Once more the five threw themselves down gasping among the bushes, reloaded their rifles and waited. In front of them was silence. The enemy there had melted away without a sound, and he too lay hidden, but from left and right the firing and the shouting came with undiminished violence. Henry, also, at the same time heard in all the terrible uproar the distant and low muttering of the thunder, like a menacing under-note, more awful than the firing itself. The smoke reached them where they lay. It was floating now all through the forest, and not only stung the nostrils of the defenders, but heated their brains and made them more anxious for the combat.
"We were just in time," said Shif'less Sol. "Ef Colonel Clark hadn't led a hundred or so o' us on the run to this place the warriors would hev been right in the middle o' the camp, smashin' us to pieces. How they fight!"
"Their chiefs think this army must be destroyed and they're risking everything," said Henry. "Girty must be here, too, urging them on, although he's not likely to expose his own body much."
"But he's a real gen'ral an' a pow'ful help to the Injuns," said Tom Ross.

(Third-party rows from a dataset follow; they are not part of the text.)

Lemma rsum_delta lo hi i x :
  (lo <= i <= hi)%nat -> rsum lo hi (fun j => if Nat.eqb j i then x else 0) = x.
Proof.
  intros Hi; unfold rsum.
  assert (Hin : In i (seq lo (S hi - lo))) by (apply in_seq; lia).
  pose proof (seq_NoDup (S hi - lo) lo) as Hnd.
  induction (seq lo (S hi - lo)) as [|j l IHl]; [destruct Hin|].
  inversion Hnd; subst; simpl.
  destruct (Nat.eqb_spec j i) as [->|Hji].
  - replace (fold_right Rplus 0 (map (fun j => if Nat.eqb j i then x else 0) l)) with 0.
    + ring.
    + clear - H1; induction l as [|k l IHl]; simpl; auto.
      destruct (Nat.eqb_spec k i); [subst; now destruct H1; left|].
      rewrite <- IHl; [ring | intro; apply H1; now right].
  - destruct Hin as [|Hin]; [congruence|]; rewrite IHl; auto; ring.
Qed.

Lemma rsum_split lo hi i f : (lo <= i <= hi)%nat ->
  rsum lo hi f = f i + rsum lo hi (fun j => if Nat.eqb j i then 0 else f j).
Proof.
  intros Hi; rewrite <- (rsum_delta lo hi i (f i)) by exact Hi.
  rewrite <- rsum_add; apply rsum_ext; intros j _.
  destruct (Nat.eqb_spec j i); subst; ring.
Qed.

Lemma rsum_first lo hi f : (lo <= hi)%nat -> rsum lo hi f = f lo + rsum (S lo) hi f.
Proof. intros; unfold rsum; replace (S hi - lo)%nat with (S (S hi - S lo)) by lia; reflexivity. Qed.

Lemma vsum_first lo hi f : (lo <= hi)%nat -> vsum lo hi f = vadd (f lo) (vsum (S lo) hi f).
Proof. intros; unfold vsum; replace (S hi - lo)%nat with (S (S hi - S lo)) by lia; reflexivity. Qed.

Lemma rsum_nonneg lo hi f :
  (forall i, (lo <= i <= hi)%nat -> 0 <= f i) -> 0 <= rsum lo hi f.
Proof.
  intros H; unfold rsum.
  assert (H' : forall i, In i (seq lo (S hi - lo)) -> 0 <= f i)
    by (intros i Hi; apply in_seq in Hi; apply H; lia).
  clear H; induction (seq lo (S hi - lo)) as [|j l IHl]; simpl; [lra|].
  pose proof (H' j (or_introl eq_refl)).
  assert (0 <= fold_right Rplus 0 (map f l)) by (apply IHl; intros; apply H'; now right).
  lra.
Qed.

Lemma rsum_zero_row_sum lo hi i (B x : nat -> R) : (lo <= i <= hi)%nat ->
  B i = - rsum lo hi (fun j => if Nat.eqb j i then 0 else B j) ->
  rsum lo hi (fun j => B j * x j)
  = rsum lo hi (fun j => if Nat.eqb j i then 0 else B j * (x j - x i)).
Proof.
  intros Hi HB; rewrite (rsum_split lo hi i) by exact Hi.
  rewrite (rsum_ext lo hi (fun j => if Nat.eqb j i then 0 else B j * (x j - x i))
             (fun j => (if Nat.eqb j i then 0 else B j * x j)
                       + - x i * (if Nat.eqb j i then 0 else B j)))
    by (intros j _; destruct (Nat.eqb j i); ring).
  rewrite rsum_add, rsum_scal, HB; ring.
Qed.

Lemma vsum_scal lo hi c f : vsum lo hi (fun i => vscal c (f i)) = vscal c (vsum lo hi f).
Proof. apply vec_eq; simpl; rewrite ?vsum_fst, ?vsum_snd; apply rsum_scal. Qed.

Lemma vsum_scal_const lo hi c v :
  vsum lo hi (fun i => vscal (c i) v) = vscal (rsum lo hi c) v.
Proof.
  apply vec_eq; simpl; rewrite ?vsum_fst, ?vsum_snd; simpl;
    rewrite Rmult_comm, <- rsum_scal; apply rsum_ext; intros; ring.
Qed.

Lemma vsum_swap lo hi lo' hi' (F : nat -> nat -> vec2) :
  vsum lo hi (fun i => vsum lo' hi' (F i))
  = vsum lo' hi' (fun k => vsum lo hi (fun i => F i k)).
Proof.
  apply vec_eq; rewrite ?vsum_fst, ?vsum_snd;
    [ rewrite (rsum_ext lo hi _ (fun i => rsum lo' hi' (fun k => fst (F i k))))
    | rewrite (rsum_ext lo hi _ (fun i => rsum lo' hi' (fun k => snd (F i k)))) ];
    try (intros; apply vsum_fst || apply vsum_snd);
    rewrite rsum_swap; apply rsum_ext; intros;
    symmetry; apply vsum_fst || apply vsum_snd.
Qed.

Lemma vsum_delta lo hi i x :
  (lo <= i <= hi)%nat -> vsum lo hi (fun j => if Nat.eqb j i then x else vzero) = x.
Proof.
  intros Hi; apply vec_eq; rewrite ?vsum_fst, ?vsum_snd;
    rewrite <- (rsum_delta lo hi i) by exact Hi; apply rsum_ext; intros j _;
    destruct (Nat.eqb j i); reflexivity.
Qed.

Lemma vsum_linear (L : vec2 -> vec2) lo hi f :
  (forall u v, L (vadd u v) = vadd (L u) (L v)) -> L vzero = vzero ->
  L (vsum lo hi f) = vsum lo hi (fun i => L (f i)).
Proof.
  intros Hadd H0; unfold vsum; induction (seq lo (S hi - lo)); simpl; auto.
  now rewrite Hadd, IHl.
Qed.

Lemma vsum_zero_row_sum lo hi i (B : nat -> R) (x : nat -> vec2) : (lo <= i <= hi)%nat ->
  B i = - rsum lo hi (fun j => if Nat.eqb j i then 0 else B j) ->
  vsum lo hi (fun j => vscal (B j) (x j))
  = vsum lo hi (fun j => if Nat.eqb j i then vzero else vscal (B j) (vsub (x j) (x i))).
Proof.
  intros Hi HB; apply vec_eq; rewrite ?vsum_fst, ?vsum_snd; simpl;
    [ rewrite (rsum_zero_row_sum lo hi i B (fun j => fst (x j)) Hi HB)
    | rewrite (rsum_zero_row_sum lo hi i B (fun j => snd (x j)) Hi HB) ];
    apply rsum_ext; intros j _; destruct (Nat.eqb j i); reflexivity.
Qed.

Lemma deriv_ext f g t l :
  (forall s, f s = g s) -> derivable_pt_lim f t l -> derivable_pt_lim g t l.
Proof. intros E; replace g with f; auto; now apply functional_extensionality. Qed.

Lemma deriv_eq f t l l' : derivable_pt_lim f t l -> l = l' -> derivable_pt_lim f t l'.
Proof. now intros ? <-. Qed.

Lemma deriv_mult f g t l l' : derivable_pt_lim f t l -> derivable_pt_lim g t l' ->
  derivable_pt_lim (fun s => f s * g s) t (l * g t + f t * l').
Proof. exact (derivable_pt_lim_mult f g t l l'). Qed.

Lemma deriv_plus f g t l l' : derivable_pt_lim f t l -> derivable_pt_lim g t l' ->
  derivable_pt_lim (fun s => f s + g s) t (l + l').
Proof. exact (derivable_pt_lim_plus f g t l l'). Qed.

Lemma deriv_minus f g t l l' : derivable_pt_lim f t l -> derivable_pt_lim g t l' ->
  derivable_pt_lim (fun s => f s - g s) t (l - l').
Proof. exact (derivable_pt_lim_minus f g t l l'). Qed.

Lemma deriv_opp f t l : derivable_pt_lim f t l -> derivable_pt_lim (fun s => - f s) t (- l).
Proof. exact (derivable_pt_lim_opp f t l). Qed.

Lemma deriv_scal c f t l : derivable_pt_lim f t l -> derivable_pt_lim (fun s => c * f s) t (c * l).
Proof. exact (derivable_pt_lim_scal f c t l). Qed.

Lemma deriv_comp f g t l l' : derivable_pt_lim g t l -> derivable_pt_lim f (g t) l' ->
  derivable_pt_lim (fun s => f (g s)) t (l' * l).
Proof. exact (derivable_pt_lim_comp g f t l l'). Qed.

Lemma deriv_cos g t l : derivable_pt_lim g t l ->
  derivable_pt_lim (fun s => cos (g s)) t (- sin (g t) * l).
Proof. intros; apply (deriv_comp cos g); auto; apply derivable_pt_lim_cos. Qed.

Lemma deriv_sin g t l : derivable_pt_lim g t l ->
  derivable_pt_lim (fun s => sin (g s)) t (cos (g t) * l).
Proof. intros; apply (deriv_comp sin g); auto; apply derivable_pt_lim_sin. Qed.

Lemma deriv_inv f t l : derivable_pt_lim f t l -> f t <> 0 ->
  derivable_pt_lim (fun s => / f s) t (- l / f t ^ 2).
Proof.
  intros Hf Hnz.
  pose proof (derivable_pt_lim_div (fun _ => 1) f t 0 l (derivable_pt_lim_const 1 t) Hf Hnz) as H.
  eapply deriv_ext; [|eapply deriv_eq; [exact H|]].
  - intros; unfold div_fct; simpl; unfold Rdiv; ring.
  - unfold Rsqr; simpl; field; auto.
Qed.

Lemma vderiv_unique f t g g' : has_vderiv f t g -> has_vderiv f t g' -> g = g'.
Proof. intros [] []; apply vec_eq; eapply uniqueness_limite; eauto. Qed.

Lemma vderiv_eq f t g g' : has_vderiv f t g -> g = g' -> has_vderiv f t g'.
Proof. now intros ? <-. Qed.

Lemma vderiv_ext f g t d : (forall s, f s = g s) -> has_vderiv f t d -> has_vderiv g t d.
Proof. intros E; replace g with f; auto; now apply functional_extensionality. Qed.

Lemma vderiv_add f g t d d' : has_vderiv f t d -> has_vderiv g t d' ->
  has_vderiv (fun s => vadd (f s) (g s)) t (vadd d d').
Proof. intros [] []; split; simpl; now apply deriv_plus. Qed.

Lemma vderiv_sub f g t d d' : has_vderiv f t d -> has_vderiv g t d' ->
  has_vderiv (fun s => vsub (f s) (g s)) t (vsub d d').
Proof. intros [] []; split; simpl; now apply deriv_minus. Qed.

Lemma vderiv_scal h f t l d : derivable_pt_lim h t l -> has_vderiv f t d ->
  has_vderiv (fun s => vscal (h s) (f s)) t (vadd (vscal l (f t)) (vscal (h t) d)).
Proof. intros Hh []; split; simpl; now apply deriv_mult. Qed.

Lemma vderiv_cscal c f t d : has_vderiv f t d ->
  has_vderiv (fun s => vscal c (f s)) t (vscal c d).
Proof. intros []; split; simpl; now apply deriv_scal. Qed.

Lemma vderiv_comp f g t l d : derivable_pt_lim g t l -> has_vderiv f (g t) d ->
  has_vderiv (fun s => f (g s)) t (vscal l d).
Proof.
  intros Hg [H1 H2]; split; simpl; rewrite Rmult_comm;
    [apply (deriv_comp (fun y => fst (f y))) | apply (deriv_comp (fun y => snd (f y)))]; auto.
Qed.

Lemma vderiv_rot th f t l d : derivable_pt_lim th t l -> has_vderiv f t d ->
  has_vderiv (fun s => rot (th s) (f s)) t (rot (th t) (vadd d (vscal l (Jmul (f t))))).
Proof.
  intros Hth [H1 H2]; unfold rot; split; simpl; (eapply deriv_eq;
    [ first [apply deriv_minus | apply deriv_plus]; apply deriv_mult;
      first [apply deriv_cos | apply deriv_sin | idtac]; eauto
    | simpl; ring ]).
Qed.

Lemma vderiv_vsum lo hi (F : nat -> R -> vec2) G t :
  (forall j, (lo <= j <= hi)%nat -> has_vderiv (F j) t (G j)) ->
  has_vderiv (fun s => vsum lo hi (fun j => F j s)) t (vsum lo hi G).
Proof.
  unfold vsum; intros H.
  assert (H' : forall j, In j (seq lo (S hi - lo)) -> has_vderiv (F j) t (G j))
    by (intros j Hj; apply in_seq in Hj; apply H; lia).
  clear H; induction (seq lo (S hi - lo)) as [|j l IHl]; simpl.
  - split; apply derivable_pt_lim_const.
  - apply (vderiv_add (F j) (fun s => fold_right vadd vzero (map (fun j => F j s) l)));
      auto with datatypes.
Qed.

Clark's summons came again. The sound on the flank indicated that the line was being driven in at another point to the eastward, and the "chosen hundred," as the shiftless one called them, were hurled against the assailants, who were here mostly Miamis and Delawares. The Indians were driven back in turn, and the circle again curved over the ground that the defenders had held in the beginning. Jim Hart and Tom Ross were wounded slightly, but they hid their scratches from the rest, and went on with their part. A third attack in force at a third point was repulsed in the same manner, but only after the most desperate fighting. Each side suffered a heavy loss, but the Indians, nevertheless, were repulsed and the defenders once again lay down among the bushes, their pulses beating fast.
Then ensued the fiery ring. The white circle was complete, but the Indians formed another and greater one facing it. The warriors no longer tried to rush the camp, but flat on their stomachs among the bushes they crept silently forward, and fired at every white man who exposed a head or an arm or a hand.
They seemed to have eyes that pierced the dark, and, knowing where the target lay, they had an advantage over the defenders who could not tell from what point the next shot would come.
It was a sort of warfare, annoying and dangerous in the extreme, and Clark became alarmed. It got upon the nerves of the men. They were compelled to lie there and await this foe who stung and stung. He sought eagerly by the flashes of lightning to discover where they clustered in the greatest numbers, but they hugged the earth so close that he saw nothing, even when the lightning was so vivid that it cast a blood red tinge over both trees and bushes. He called Boone, Henry, Thomas and others, the best of the scouts, to him.
"We must clear those Indians out of the woods," he said, "or they will pick away at us until nothing is left to pick at. A charge with our best men will drive them off. What do you say, Mr. Boone?"
Daniel Boone shook his head, and his face expressed strong disapproval.